Лизу пронзила невыносимая боль, но она всё же смогла сдержать стон, лишь коротко охнув. И тут же все неприятные ощущения куда-то пропали. Ей уже не было стыдно, не хотелось избавиться от пут, она по-прежнему ощущала искру своего дара, но коль скоро её господину угодно, чтобы она так и не испытала радости инициации, так тому и быть. Она готова выполнить любую его волю, и беспокоит её лишь то, что она как-то может не угодить или расстроить хозяина…

* * *

— Вот он, его дом, — кивком указал Воробей.

— А кто с ним там живёт, случаем, не ведаешь? — вглядываясь в окна, выходящие на улицу, поинтересовался я.

— Не-а. Откуда мне знать. Я и про то, что Топорок с ним водится, узнал по случаю.

— А говорил об этом кому?

— Никто не спрашивал, я и не говорил.

— Вот и помалкивай, — бросил я ему целковый.

— Да не вопрос, — поймал тот увесистый кругляш.
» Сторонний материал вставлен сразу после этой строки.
(* Let $\sigma^0=(+,-,-,-,-,-,+,+,+,+,+,-)$ be the sign pattern of length $12$. There exists no real monic polynomial $P(x)=x^{11}+a_{10}x^{10}+\cdots+a_1x+a_0$ whose coefficients have the signs prescribed by $\sigma^0$ (i.e. $a_{10},a_9,a_8,a_7,a_6<0$, $a_5,a_4,a_3,a_2,a_1>0$, $a_0<0$) and which has exactly one positive root and exactly eight negative roots, all of them simple (and hence a pair of complex conjugate non-real roots). In other words, the sign pattern $\sigma^0$ is not realizable with the admissible pair $(1,8)$.
   Context: A sign pattern is a finite sequence of $\pm$ signs with leading sign $+$; a polynomial $x^d+a_{d-1}x^{d-1}+\cdots+a_0$ with all coefficients nonzero defines the sign pattern consisting of the signs of its coefficients, listed from $x^d$ down to $x^0$. A sign pattern $\sigma$ is realizable with a pair $(pos,neg)$ if some monic real polynomial with sign pattern $\sigma$ has exactly $pos$ positive and exactly $neg$ negative roots, all simple. *)

From mathcomp Require Import all_boot all_order all_algebra.
From mathcomp Require Import reals.
Set Implicit Arguments. Unset Strict Implicit. Unset Printing Implicit Defensive.
Import Order.TTheory GRing.Theory Num.Theory.
Local Open Scope ring_scope.

(* A sign pattern is a sequence of booleans: true = '+', false = '-',
   listed from the leading coefficient (x^d) down to the constant term (x^0). *)
Definition sign_pattern := seq bool.

Section Defs.
Variable R : realType.

Definition has_sign_pattern (p : {poly R}) (sigma : sign_pattern) : Prop :=
  size p = size sigma /\
  forall i : nat, (i < size p)%N ->
    (if nth true sigma (size p - 1 - i)%N then 0 < p`_i else p`_i < 0).

Definition num_roots_in (p : {poly R}) (P : R -> bool) (k : nat) : Prop :=
  exists rs : seq R, [/\ uniq rs, size rs = k &
     forall x : R, (x \in rs) = (P x && root p x)].

Definition roots_simple_in (p : {poly R}) (P : R -> bool) : Prop :=
  forall x : R, P x -> root p x -> ~~ root p^`() x.

Definition realizable (sigma : sign_pattern) (pos neg : nat) : Prop :=
  exists p : {poly R},
    [/\ p \is monic, has_sign_pattern p sigma,
        num_roots_in p (fun x => 0 < x) pos,
        num_roots_in p (fun x => x < 0) neg &
        roots_simple_in p (fun x => (0 < x) || (x < 0))].
End Defs.

Definition sigma0 : sign_pattern :=
  [:: true; false; false; false; false; false; true; true; true; true; true; false].

From mathcomp Require Import all_boot all_order all_algebra.
From mathcomp Require Import reals.
From mathcomp Require Import polyrcf cauchyreals ring lra zify.
Set Implicit Arguments. Unset Strict Implicit. Unset Printing Implicit Defensive.
Import Order.TTheory GRing.Theory Num.Theory.
Local Open Scope ring_scope.

(* A realization P of sigma0 with one positive root xi and eight negative
   roots factors as P = (x^2 + b x + g) (x - xi) r(x): the quadratic has no
   real root (it would be a double root of P, or 0), and r = x^8 + ... + r_0
   has the eight negative roots, hence positive coefficients satisfying
   Newton's inequalities.  In the normalised ratios t_k = r_(k-1) / (xi r_k),
   B = -b / xi and G = g / xi^2, the signs of a_1, a_5, a_6 and a_10 become
   polynomial inequalities which, together with B^2 < 4 G and the chain of
   ratio bounds given by Newton's inequalities, are contradictory, both when
   t_5 <= 1 and when t_5 > 1. *)

Section SumSquares.
Variable R : realDomainType.

Lemma sqr_sum_le (u : seq R) :
  (\sum_(x <- u) x) ^+ 2 <= (size u)%:R * \sum_(x <- u) x ^+ 2.
Proof.
elim: u => [|a u IH]; first by rewrite !big_nil mul0r expr0n.
have dev : \sum_(x <- u) (x - a) ^+ 2 =
    \sum_(x <- u) x ^+ 2 - 2 * a * \sum_(x <- u) x + (size u)%:R * a ^+ 2.
  elim: (u) => [|x v IHv]; first by rewrite !big_nil mul0r; ring.
  by rewrite !big_cons IHv /= mulrSr; ring.
have dev_ge0 : 0 <= \sum_(x <- u) (x - a) ^+ 2.
  by apply: sumr_ge0 => x _; exact: sqr_ge0.
rewrite dev in dev_ge0; rewrite !big_cons /= mulrSr; nra.
Qed.

End SumSquares.

Section LowCoefsProdXsubC.
Variable R : fieldType.

Lemma low_coefs_prod_XsubC (w : seq R) (P := \prod_(z <- w) ('X - z%:P)) :
  all (fun z => z != 0) w ->
  P`_1 = - P`_0 * \sum_(z <- w) z^-1 /\
  P`_1 ^+ 2 - 2 * P`_0 * P`_2 = P`_0 ^+ 2 * \sum_(z <- w) z^-1 ^+ 2.
Proof.
rewrite {}/P; elim: w => [|a w IH] /=.
  by rewrite !big_nil !coefE /= => _; split; ring.
case/andP=> a0 /IH [E1 E2]; rewrite !big_cons mulrBl !coefE /=.
move: E1 E2; set P0 := _`_0; set P1 := _`_1; set P2 := _`_2.
move=> E1 E2; split; first by rewrite E1; field.
transitivity (P0 ^+ 2 + a ^+ 2 * (P1 ^+ 2 - 2 * P0 * P2)); first by ring.
by rewrite E2; field.
Qed.

End LowCoefsProdXsubC.

Section Rolle.
Variable R : rcfType.
Implicit Types (p : {poly R}) (s : seq R).

Lemma rolle_path p a s : path <%R a s -> root p a -> all (root p) s ->
  exists s', [/\ size s' = size s, path <%R a s' & all (root p^`()) s'].
Proof.
elim: s a => [|b s IH] a /=; first by exists [::].
case/andP=> ab bs pa /andP[pb ps].
have [c] := poly_rolle ab (etrans (eqP pa) (esym (eqP pb))).
rewrite in_itv /= => /andP[ac cb] p'c.
have [s' [sz bs' p's']] := IH b bs pb ps.
exists (c :: s'); split => /=; first by rewrite sz.
- by rewrite ac (path_le lt_trans cb bs').
- by rewrite /root p'c eqxx.
Qed.

Lemma rolle_sorted p s : sorted <%R s -> all (root p) s ->
  exists s', [/\ size s' = (size s).-1, sorted <%R s' & all (root p^`()) s'].
Proof.
case: s => [|a s] /=; first by exists [::].
move=> as_ /andP[pa ps]; have [s' [sz as' p's']] := rolle_path as_ pa ps.
by exists s'; split => //; exact: path_sorted as'.
Qed.

Lemma rolle_sorted_derivn p s n : sorted <%R s -> all (root p) s ->
  exists s', [/\ size s' = (size s - n)%N, sorted <%R s' & all (root p^`(n)) s'].
Proof.
move=> ss ps; elim: n => [|n [s' [sz ss' ps']]]; first by exists s; rewrite subn0.
have [s'' [sz'' ss'' ps'']] := rolle_sorted ss' ps'.
by exists s''; rewrite derivnS sz'' sz subnS.
Qed.

End Rolle.

Section Newton.
Variable R : rcfType.

(* If 0 is a root then g_0 = 0; otherwise -g_1 / g_0 and
   (g_1^2 - 2 g_0 g_2) / g_0^2 are the first two power sums of the inverses
   of the roots, and Cauchy-Schwarz compares them. *)
Lemma newton_low_coefs (g : {poly R}) (w : seq R) :
  uniq w -> all (root g) w -> (size g <= (size w).+1)%N ->
  2 * (size w)%:R * g`_0 * g`_2 <= ((size w)%:R - 1) * g`_1 ^+ 2.
Proof.
move=> uw gw szg; set n := (size w)%:R.
have [w0|w_neq0] := boolP (0 \in w).
  have /eqP g0 : root g 0 := allP gw 0 w0.
  rewrite -horner_coef0 g0 mulr0 mul0r; apply: mulr_ge0; last exact: sqr_ge0.
  by rewrite subr_ge0 ler1n lt0n size_eq0; apply: contraTneq w0 => ->.
have [q gE] : exists q, g = q * \prod_(z <- w) ('X - z%:P).
  by apply: uniq_roots_prod_XsubC => //; rewrite uniq_rootsE.
rewrite {}gE in szg *.
have {szg} /size1_polyC -> : (size q <= 1)%N.
  have [->|q0] := eqVneq q 0; first by rewrite size_poly0.
  move: szg; rewrite size_Mmonic ?monic_prod_XsubC // size_prod_XsubC addnS /=.
  by rewrite -[(size w).+1]add1n leq_add2r.
rewrite !coefCM; set c := q`_0.
have nz : all (fun z => z != 0) w.
  by apply/allP => z zw; apply: contraNneq w_neq0 => <-.
have [] := low_coefs_prod_XsubC nz; set P0 := _`_0; set P1 := _`_1; set P2 := _`_2.
set S1 := \sum_(z <- w) _; set S2 := \sum_(z <- w) _ => E1 E2.
have CS := sqr_sum_le [seq z^-1 | z <- w].
rewrite !big_map size_map -/S1 -/S2 -/n in CS.
rewrite -subr_ge0.
have -> : (n - 1) * (c * P1) ^+ 2 - 2 * n * (c * P0) * (c * P2) =
    (c * P0) ^+ 2 * (n * S2 - S1 ^+ 2).
  transitivity (c ^+ 2 * (n * (P1 ^+ 2 - 2 * P0 * P2) - P1 ^+ 2)); first by ring.
  by rewrite E2 E1; ring.
by apply: mulr_ge0; [exact: sqr_ge0 | rewrite subr_ge0].
Qed.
— Если помощь понадобится, где тебя сыскать?

— На рыночной площади. Меня там все местные торговцы знают, — ответил малец, взмахнул рукой в знак прощания и побежал прочь.

Я вновь посмотрел на добротный бревенчатый дом. Не сказать, что выделяется в общем ряду. Такая же видавшая виды постройка со слегка покосившимся посредине между углом и воротами высоким и глухим дощатым забором. На улицу выходят три окна, забранные ставнями.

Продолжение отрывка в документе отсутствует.